Public education was conceived as a way to educate children in order to prepare them to be productive members of society. Learn how the goals and the role of the educator in the school improvement process have changed over time.

Why Public Education?

How has the role of public education changed?
Public School

In the U.S., children are sent to school from around the age of 5 until graduation at the age of 18. During these dozen or so years, they are expected to transition from illiterate children to mastering the skills and knowledge needed for their futures, however varied they may be.

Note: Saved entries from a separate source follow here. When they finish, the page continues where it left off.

Lemma partial_maxima_BLIE : posdef D ->
  exists c2 : 'I_n.+1 -> R,
     (forall th1 th2 t, 0 < th2 ->
        linest c2 (Xstar X th1 th2) t = qf m (invmx D) (spacings (Xstar X th1 th2) t))
     /\ is_BLIE_theta2 P X c2
     /\ (forall th1 th2, 0 < th2 ->
           MSE_theta2 P X c2 th1 th2 = (1 - qf m (invmx D) m) * th2 ^+ 2)
     /\ (forall c, is_BLIE_theta2 P X c -> forall th1 th2, 0 < th2 ->
           P [set t | linest c (Xstar X th1 th2) t != linest c2 (Xstar X th1 th2) t]
           = 0%E).
Proof.
move=> D_pd; pose c2 := coef_of_weights blie_weights.
have c2_invariant : invariant_theta2 c2 by apply/invariant_theta2P; exact: sum_coef_of_weights_eq0.
have MSE_c2 th1 th2 : 0 < th2 -> MSE_theta2 P X c2 th1 th2 = (1 - qf m (invmx D) m) * th2 ^+ 2.
  by move=> th2_gt0; rewrite MSE_invariant // spacing_weightsK subrr qform0 addr0 mulrC.
exists c2; split; [|split; [|split]] => //.
- by move=> th1 th2 t th2_gt0; rewrite linest_coef_of_weights.
- split=> // c c_invariant th1 th2 th2_gt0.
  rewrite MSE_c2 // MSE_invariant // [X in X <= _]mulrC [X in _ <= X]mulrDr lerDl.
  exact: mulr_ge0 (sqr_ge0 _) (posdef_qform_ge0 _ D_pd).
- move=> c [c_invariant c_min] th1 th2 th2_gt0; apply: measure_neq_eq0 => t.
  have := c_min _ c2_invariant th1 th2 th2_gt0.
  rewrite MSE_c2 // MSE_invariant // [X in _ <= X]mulrC [X in X <= _]mulrDr gerDl.
  rewrite pmulr_rle0 ?exprn_gt0 //.
  move=> /(posdef_qform_le0 D_pd)/eqP; rewrite subr_eq0 => /eqP c_weights.
  have /invariant_theta2P c0 := c_invariant.
  by rewrite !linest_sum_eq0 ?sum_coef_of_weights_eq0 // spacing_weightsK c_weights.
Qed.

End Spacings.
Lemma reduced_first_le : (0 < N)%N ->
  dotc (bvec M 0) (bvec M 0) ^+ N <= 2 ^+ 'C(N, 2) * \det M ^+ 2.
Proof.
move=> N_gt0; rewrite -bstar0 // sqr_det_bstar.
have -> : dotc (bstar M 0) (bstar M 0) ^+ N = \prod_(i < N) dotc (bstar M 0) (bstar M 0).
  by rewrite prodr_const card_ord.
have -> : (2 : R) ^+ 'C(N, 2) = \prod_(i < N) 2 ^+ i.
  by rewrite prodrXr -bin2_sum big_mkord.
rewrite -big_split /=.
by apply: ler_prod => i _; rewrite dotc_ge0 reduced_bstar0_le.
Qed.

End ReducedBasis.

Section Lattice.
Variable R : realType.

Definition intcv N (z : 'cV[int]_N) : 'cV[R]_N := map_mx (fun x : int => x%:~R) z.

Lemma in_latticeP N (M : 'M[R]_N) v :
  in_lattice M v <-> exists z : 'cV[int]_N, v = M *m intcv z.
Proof.
split=> [[z ->]|[z ->]]; [exists (\col_j z j) | exists (fun j => z j 0)];
  by apply/matrixP => r c; rewrite (ord1 c) !mxE summxE; apply: eq_bigr => j _;
     rewrite !mxE mulrC.
Qed.

Lemma col_in_lattice N (M : 'M[R]_N) j : in_lattice M (col j M).
Proof.
apply/in_latticeP; exists (\col_i (i == j)%:Z); apply/matrixP => r c.
rewrite (ord1 c) !mxE (bigD1 j) //= big1 ?addr0 => [|i ne_ij].
  by rewrite !mxE eqxx mulr1.
by rewrite !mxE (negbTE ne_ij) mulr0.
Qed.

Lemma det_sublattice N (L M : 'M[R]_N) :
  (forall j, in_lattice L (col j M)) -> exists d : int, \det M = \det L * d%:~R.
Proof.
move=> ML; have /fin_all_exists[z Mz] j := iffLR (in_latticeP L _) (ML j).
pose Z : 'M[int]_N := \matrix_(i, j) z j i 0.
exists (\det Z); rewrite -(det_map_mx (intr : {rmorphism int -> R})) -det_mulmx.
congr (\det _); apply/matrixP => r j.
have /(congr1 (fun v : 'cV[R]_N => v r 0)) := Mz j.
by rewrite !mxE => ->; apply: eq_bigr => k _; rewrite !mxE.
Qed.

Section LLLOutput.
Variables (N : nat) (LLL : 'M[R]_N -> 'M[R]_N) (M : 'M[R]_N).
Hypotheses (LLL_ok : LLL_spec LLL) (M_unit : M \in unitmx).

Lemma LLL_det_mul : exists2 d : int, d != 0 & \det M = \det (LLL M) * d%:~R.
Proof.
have [d detM] : exists d : int, \det M = \det (LLL M) * d%:~R.
  by apply: det_sublattice => j; apply/(LLL_ok M_unit).1/col_in_lattice.
exists d => //; apply: contraTneq M_unit => d0.
by rewrite unitmxE unitfE detM d0 mulr0 eqxx.
Qed.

Public education educates children during this critical time in their lives, but why does public education exist in the first place? According to the National School Boards Association, public education exists to serve the following purposes, among others:

  • Prepare students for college and the workforce, including preparing them for jobs that may not even exist yet due to rapidly changing technology
  • Help children fulfill their diverse potentials
  • Enable students to become well-rounded individuals, focusing on the whole child and not just mastery of academic content
  • Prepare students to live a productive life and become good citizens, while obeying the social and legal rules of society

Add to that mastery of Common Core and state standards, assessment after assessment, activities, sports, technology, literacy, etc. That's a lot to accomplish. How does it do all this and what is the role of the teacher as well as teacher learning communities in public education?

The Changing Role of Educators

Educators these days have a difficult job. Typical pre-service preparation focuses on content knowledge and instruction, yet any teacher will tell you that is only a piece of the puzzle.

The days of a teacher acting as a 'sage on the stage' and lecturing all day while students take copious notes in a book are over. Today's teachers need to be a facilitator of knowledge and encourage students to be self-directed in their learning. The 4C's of 21st Century Learning are vital to public education in order to prepare students for the future:

  • Collaboration - most jobs are not done independently; students need to learn how to work well with others.
  • Communication - communication today is not always face to face; students should learn how to communicate effectively through multiple means.
  • Creativity - jobs in STEAM (science, technology, engineering, arts, and math) fields are abundant and require creativity in order to combine elements and problem solve.
  • Critical thinking - in the age of abundant information available on the Internet, students need to take knowledge and think critically in order to solve problems.

The role of educators today is to incorporate the 4Cs with curriculum standards and help students learn. Educators have other roles, including acting as a behavioral specialist, coach, social worker, disciplinarian, technology expert, and parent. It's a lot to juggle, but teachers are up for the challenge.

Support for Public Educators

Teachers can work together in a professional learning community

How can teachers be supported in the classroom? One way to support both new and veteran teachers is the formation of a professional learning community (PLC). A PLC is comprised of a teachers, coming together by grade level, content area, or through an interdisciplinary group.

The purpose of a PLC is to build a community of teachers to focus on a common goal or objective collaboratively. One may involve school personnel other than classroom teachers, such as administrators, aides, or instructional coaches.